AIM OF THE TASK: Using the records below, quote only the span that opens with the line containing "z i * x i k))." and closes with the line containing "(* Cauchy-Schwarz for", exactly and inclusively.

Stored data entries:
————————

(* Let $\mathbf x_1,\dots,\mathbf x_n\in\mathbb R^d$ with $\|\mathbf x_i\|_2=1$ be such that $\mathbf H^\infty$ is positive definite. Suppose $y_i=\sum_j\alpha_j(\boldsymbol\beta_j^\top\mathbf x_i)^{p_j}$ for all $i\in[n]$ (a finite sum), where for each $j$, $p_j\in\{1,2,4,6,8,\dots\}$, $\boldsymbol\beta_j\in\mathbb R^d$, $\alpha_j\in\mathbb R$. Then $$\sqrt{\mathbf y^\top(\mathbf H^\infty)^{-1}\mathbf y}\le3\sum_jp_j|\alpha_j|\,\|\boldsymbol\beta_j\|_2^{p_j}.$$
   Context: $\mathbf y=(y_1,\dots,y_n)^\top$; $\mathbf H^\infty_{ij}=\frac{\mathbf x_i^\top\mathbf x_j(\pi-\arccos(\mathbf x_i^\top\mathbf x_j))}{2\pi}$ (equivalently $\mathbb E_{\mathbf w\sim\mathcal N(\mathbf 0,\mathbf I)}[\mathbf x_i^\top\mathbf x_j\mathbb I\{\mathbf w^\top\mathbf x_i\ge0,\mathbf w^\top\mathbf x_j\ge0\}]$). *)

From Stdlib Require Export Reals Lra.
Open Scope R_scope.

Fixpoint sumR (n : nat) (f : nat -> R) : R :=
  match n with
  | O => 0
  | S k => sumR k f + f k
  end.

(* vectors in R^d are functions nat -> R, only indices < d matter *)
Definition dot (d : nat) (u v : nat -> R) : R := sumR d (fun k => u k * v k).
Definition norm2 (d : nat) (u : nat -> R) : R := sqrt (dot d u u).

Definition Hinf (d : nat) (x : nat -> nat -> R) (i j : nat) : R :=
  let c := dot d (x i) (x j) in c * (PI - acos c) / (2 * PI).

Definition pos_def (n : nat) (A : nat -> nat -> R) : Prop :=
  forall v : nat -> R, (exists i, (i < n)%nat /\ v i <> 0) ->
    0 < sumR n (fun i => sumR n (fun j => v i * A i j * v j)).

Definition is_inverse (n : nat) (A B : nat -> nat -> R) : Prop :=
  (forall i k, (i < n)%nat -> (k < n)%nat ->
     sumR n (fun j => A i j * B j k) = if Nat.eqb i k then 1 else 0) /\
  (forall i k, (i < n)%nat -> (k < n)%nat ->
     sumR n (fun j => B i j * A j k) = if Nat.eqb i k then 1 else 0).

Definition quad (n : nat) (B : nat -> nat -> R) (y : nat -> R) : R :=
  sumR n (fun i => sumR n (fun k => y i * B i k * y k)).

From Stdlib Require Import Reals Lra Lia.
Open Scope R_scope.

(* Put z = H^{-1} y, so that y^T H^{-1} y = z^T H z and, expanding
   y, y^T H^{-1} y = sum_j alpha_j <z, ((beta_j . x_i)^p_j)_i>.  Each pairing is
   bounded by Cauchy-Schwarz for the PSD kernel G^p (G the Gram matrix of the
   x_i, PSD by the Schur product theorem), and then by the key inequality
   z^T G^p z <= (3p)^2 z^T H z.  The latter comes from acos = pi/2 - asin, which
   gives H = G/4 + (G asin G)/(2 pi), together with the power series
   t asin t = sum_k a_k t^(2k+2) with a_k >= 1/(2k+1)^2, valid on [-1, 1]. *)

Lemma sumR_S n f : sumR (S n) f = sumR n f + f n.
Proof. reflexivity. Qed.

Lemma sumR_ext n f g :
  (forall k, (k < n)%nat -> f k = g k) -> sumR n f = sumR n g.
Proof.
  induction n as [|n IH]; intros Hfg; simpl; auto.
  rewrite IH, Hfg; auto; intros; apply Hfg; lia.
Qed.

Lemma sumR_plus n f g : sumR n (fun k => f k + g k) = sumR n f + sumR n g.
Proof. induction n as [|n IH]; simpl; [lra|]. rewrite IH. lra. Qed.

Lemma sumR_scal n c f : sumR n (fun k => c * f k) = c * sumR n f.
Proof. induction n as [|n IH]; simpl; [lra|]. rewrite IH. lra. Qed.

Lemma sumR_zero n : sumR n (fun _ => 0) = 0.
Proof. induction n as [|n IH]; simpl; [lra|]. rewrite IH. lra. Qed.

Lemma sumR_swap n m F :
  sumR n (fun i => sumR m (fun j => F i j)) = sumR m (fun j => sumR n (fun i => F i j)).
Proof.
  induction n as [|n IH]; simpl.
  - symmetry. apply sumR_zero.
  - rewrite IH, <- sumR_plus. reflexivity.
Qed.

Lemma sumR_le n f g : (forall k, (k < n)%nat -> f k <= g k) -> sumR n f <= sumR n g.
Proof.
  induction n as [|n IH]; intros Hfg; simpl; [lra|].
  pose proof (IH (fun k Hk => Hfg k ltac:(lia))). pose proof (Hfg n ltac:(lia)). lra.
Qed.

Lemma sumR_nonneg n f : (forall k, (k < n)%nat -> 0 <= f k) -> 0 <= sumR n f.
Proof. intros Hf. rewrite <- (sumR_zero n). apply sumR_le. exact Hf. Qed.

Lemma sumR_delta n i f :
  (i < n)%nat -> sumR n (fun k => (if Nat.eqb i k then 1 else 0) * f k) = f i.
Proof.
  induction n as [|n IH]; intros Hi; [lia|]. rewrite sumR_S.
  destruct (Nat.eqb_spec i n) as [->|Hne].
  - rewrite (sumR_ext n _ (fun _ => 0)), sumR_zero; [ring|].
    intros k Hk. destruct (Nat.eqb_spec n k); [lia|ring].
  - rewrite IH by lia. ring.
Qed.

Lemma quad_S n B v :
  quad (S n) B v = quad n B v
    + v n * sumR n (fun i => (B i n + B n i) * v i) + v n * B n n * v n.
Proof.
  unfold quad. rewrite sumR_S.
  rewrite (sumR_ext n (fun i => sumR (S n) _)
             (fun i => sumR n (fun k => v i * B i k * v k) + v i * B i n * v n))
    by (intros; apply sumR_S).
  rewrite sumR_plus, sumR_S.
  assert (Hmid : v n * sumR n (fun i => (B i n + B n i) * v i)
      = sumR n (fun i => v i * B i n * v n) + sumR n (fun k => v n * B n k * v k)).
  { rewrite <- sumR_plus, <- sumR_scal. apply sumR_ext. intros; ring. }
  lra.
Qed.

Definition gram_pow (d p : nat) (x : nat -> nat -> R) (i j : nat) : R :=
  dot d (x i) (x j) ^ p.

Lemma dot_sym d u v : dot d u v = dot d v u.
Proof. unfold dot. apply sumR_ext. intros; ring. Qed.

Lemma dot_self_nonneg d u : 0 <= dot d u u.
Proof. apply sumR_nonneg. intros. nra. Qed.

Lemma quad_gram_pow_S n d p x z :
  quad n (gram_pow d (S p) x) z
  = sumR d (fun k => quad n (gram_pow d p x) (fun i => z i * x i k)).
Proof.
  unfold quad, gram_pow. rewrite (sumR_swap d n). apply sumR_ext. intros i _.
  rewrite (sumR_swap d n). apply sumR_ext. intros j _.
  transitivity ((z i * dot d (x i) (x j) ^ p * z j) * dot d (x i) (x j)); [simpl; ring|].
  unfold dot at 2. rewrite <- sumR_scal. apply sumR_ext. intros; ring.
Qed.

Lemma quad_gram_pow_nonneg n d p x z : 0 <= quad n (gram_pow d p x) z.
Proof.
  revert z. induction p as [|p IH]; intros z.
  - assert (E : quad n (gram_pow d 0 x) z = sumR n z * sumR n z).
    { unfold quad, gram_pow. rewrite <- sumR_scal. apply sumR_ext. intros i _.
      rewrite Rmult_comm, <- sumR_scal. apply sumR_ext. intros; simpl; ring. }
    rewrite E. nra.
  - rewrite quad_gram_pow_S. apply sumR_nonneg. intros. apply IH.
Qed.

Lemma discriminant_nonpos a b c :
  0 <= c -> (forall l, 0 <= a + 2 * l * b + l ^ 2 * c) -> b ^ 2 <= a * c.
Proof.
  intros Hc Hq. destruct (Req_dec c 0) as [->|Hc0].
  - destruct (Req_dec b 0) as [->|Hb0]; [nra|].
    specialize (Hq (- (a + 1) / (2 * b))).
    replace (a + 2 * (- (a + 1) / (2 * b)) * b + (- (a + 1) / (2 * b)) ^ 2 * 0)
      with (-1) in Hq by (field; auto). lra.
  - specialize (Hq (- b / c)).
    replace (a + 2 * (- b / c) * b + (- b / c) ^ 2 * c) with ((a * c - b ^ 2) / c) in Hq
      by (field; auto).
    assert (Hpos : 0 <= (a * c - b ^ 2) / c * c) by (apply Rmult_le_pos; lra).
    replace ((a * c - b ^ 2) / c * c) with (a * c - b ^ 2) in Hpos by (field; auto). lra.
Qed.

Definition extend {A : Type} (n : nat) (u : nat -> A) (a : A) (i : nat) : A :=
  if Nat.ltb i n then u i else a.

Lemma extend_lt {A : Type} n (u : nat -> A) a i : (i < n)%nat -> extend n u a i = u i.
Proof. intros Hi. unfold extend. apply Nat.ltb_lt in Hi. rewrite Hi. reflexivity. Qed.

Lemma extend_last {A : Type} n (u : nat -> A) a : extend n u a n = a.
Proof. unfold extend. rewrite Nat.ltb_irrefl. reflexivity. Qed.

(* Cauchy-Schwarz for the PSD kernel (x_i . x_j)^p, tested against the
   feature vector of an extra point [b]: positivity on the family x_1..x_n, b. *)
Lemma gram_pow_cauchy_schwarz n d p x z b :
  (sumR n (fun i => z i * dot d b (x i) ^ p)) ^ 2
  <= quad n (gram_pow d p x) z * dot d b b ^ p.
Proof.
  apply discriminant_nonpos; [apply pow_le, dot_self_nonneg|]. intros l.
  pose proof (quad_gram_pow_nonneg (S n) d p (extend n x b) (extend n z l)) as Hpsd.
  rewrite quad_S, extend_last in Hpsd.
  replace (quad n (gram_pow d p (extend n x b)) (extend n z l))
    with (quad n (gram_pow d p x) z) in Hpsd.
  2:{ unfold quad, gram_pow. apply sumR_ext. intros i Hi. apply sumR_ext. intros j Hj.
      rewrite !extend_lt by assumption. reflexivity. }
  replace (sumR n _) with (2 * sumR n (fun i => z i * dot d b (x i) ^ p)) in Hpsd.
  2:{ rewrite <- sumR_scal. apply sumR_ext. intros i Hi.
      unfold gram_pow. rewrite (extend_lt n x b i Hi), (extend_lt n z l i Hi), extend_last.
      rewrite (dot_sym d (x i) b). ring. }
  replace (gram_pow d p (extend n x b) n n) with (dot d b b ^ p) in Hpsd
    by (unfold gram_pow; rewrite extend_last; reflexivity).
  replace (l ^ 2 * dot d b b ^ p) with (l * dot d b b ^ p * l) by ring. lra.
Qed.

Lemma dot_unit_bound d a b :
  norm2 d a = 1 -> norm2 d b = 1 -> -1 <= dot d a b <= 1.
Proof.
  unfold norm2. intros Ha Hb.
  assert (Haa : dot d a a = 1)
    by (rewrite <- (sqrt_sqrt _ (dot_self_nonneg d a)), Ha; ring).
  assert (Hbb : dot d b b = 1)
    by (rewrite <- (sqrt_sqrt _ (dot_self_nonneg d b)), Hb; ring).
  pose proof (gram_pow_cauchy_schwarz 1 d 1 (fun _ => a) (fun _ => 1) b) as Hcs.
  unfold quad, gram_pow in Hcs. simpl in Hcs. rewrite Haa, Hbb, dot_sym in Hcs.
  nra.
Qed.

Lemma nondecreasing_of_deriv (f f' : R -> R) a b :
  a <= b ->
  (forall c, a <= c <= b -> derivable_pt_lim f c (f' c)) ->
  (forall c, a < c < b -> 0 <= f' c) -> f a <= f b.
Proof.
  intros Hab Hder Hpos. destruct (Req_dec a b) as [->|Hne]; [lra|].
  destruct (MVT_cor2 f f' a b) as [c [Hmvt Hc]]; [lra|exact Hder|].
  pose proof (Hpos c Hc). nra.
Qed.

Lemma derivable_pt_lim_sumR K (f f' : nat -> R -> R) r :
  (forall k, derivable_pt_lim (f k) r (f' k r)) ->
  derivable_pt_lim (fun t => sumR K (fun k => f k t)) r (sumR K (fun k => f' k r)).
Proof.
  intros Hder. induction K as [|K IH]; simpl.
  - apply (derivable_pt_lim_const 0).
  - apply (derivable_pt_lim_plus (fun t => sumR K (fun k => f k t)) (f K)); auto.
Qed.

————————

WRITTEN RESPONSE:
  = sumR d (fun k => quad n (gram_pow d p x) (fun i => z i * x i k)).
Proof.
  unfold quad, gram_pow. rewrite (sumR_swap d n). apply sumR_ext. intros i _.
  rewrite (sumR_swap d n). apply sumR_ext. intros j _.
  transitivity ((z i * dot d (x i) (x j) ^ p * z j) * dot d (x i) (x j)); [simpl; ring|].
  unfold dot at 2. rewrite <- sumR_scal. apply sumR_ext. intros; ring.
Qed.

Lemma quad_gram_pow_nonneg n d p x z : 0 <= quad n (gram_pow d p x) z.
Proof.
  revert z. induction p as [|p IH]; intros z.
  - assert (E : quad n (gram_pow d 0 x) z = sumR n z * sumR n z).
    { unfold quad, gram_pow. rewrite <- sumR_scal. apply sumR_ext. intros i _.
      rewrite Rmult_comm, <- sumR_scal. apply sumR_ext. intros; simpl; ring. }
    rewrite E. nra.
  - rewrite quad_gram_pow_S. apply sumR_nonneg. intros. apply IH.
Qed.

Lemma discriminant_nonpos a b c :
  0 <= c -> (forall l, 0 <= a + 2 * l * b + l ^ 2 * c) -> b ^ 2 <= a * c.
Proof.
  intros Hc Hq. destruct (Req_dec c 0) as [->|Hc0].
  - destruct (Req_dec b 0) as [->|Hb0]; [nra|].
    specialize (Hq (- (a + 1) / (2 * b))).
    replace (a + 2 * (- (a + 1) / (2 * b)) * b + (- (a + 1) / (2 * b)) ^ 2 * 0)
      with (-1) in Hq by (field; auto). lra.
  - specialize (Hq (- b / c)).
    replace (a + 2 * (- b / c) * b + (- b / c) ^ 2 * c) with ((a * c - b ^ 2) / c) in Hq
      by (field; auto).
    assert (Hpos : 0 <= (a * c - b ^ 2) / c * c) by (apply Rmult_le_pos; lra).
    replace ((a * c - b ^ 2) / c * c) with (a * c - b ^ 2) in Hpos by (field; auto). lra.
Qed.

Definition extend {A : Type} (n : nat) (u : nat -> A) (a : A) (i : nat) : A :=
  if Nat.ltb i n then u i else a.

Lemma extend_lt {A : Type} n (u : nat -> A) a i : (i < n)%nat -> extend n u a i = u i.
Proof. intros Hi. unfold extend. apply Nat.ltb_lt in Hi. rewrite Hi. reflexivity. Qed.

Lemma extend_last {A : Type} n (u : nat -> A) a : extend n u a n = a.
Proof. unfold extend. rewrite Nat.ltb_irrefl. reflexivity. Qed.

(* Cauchy-Schwarz for the PSD kernel (x_i . x_j)^p, tested against the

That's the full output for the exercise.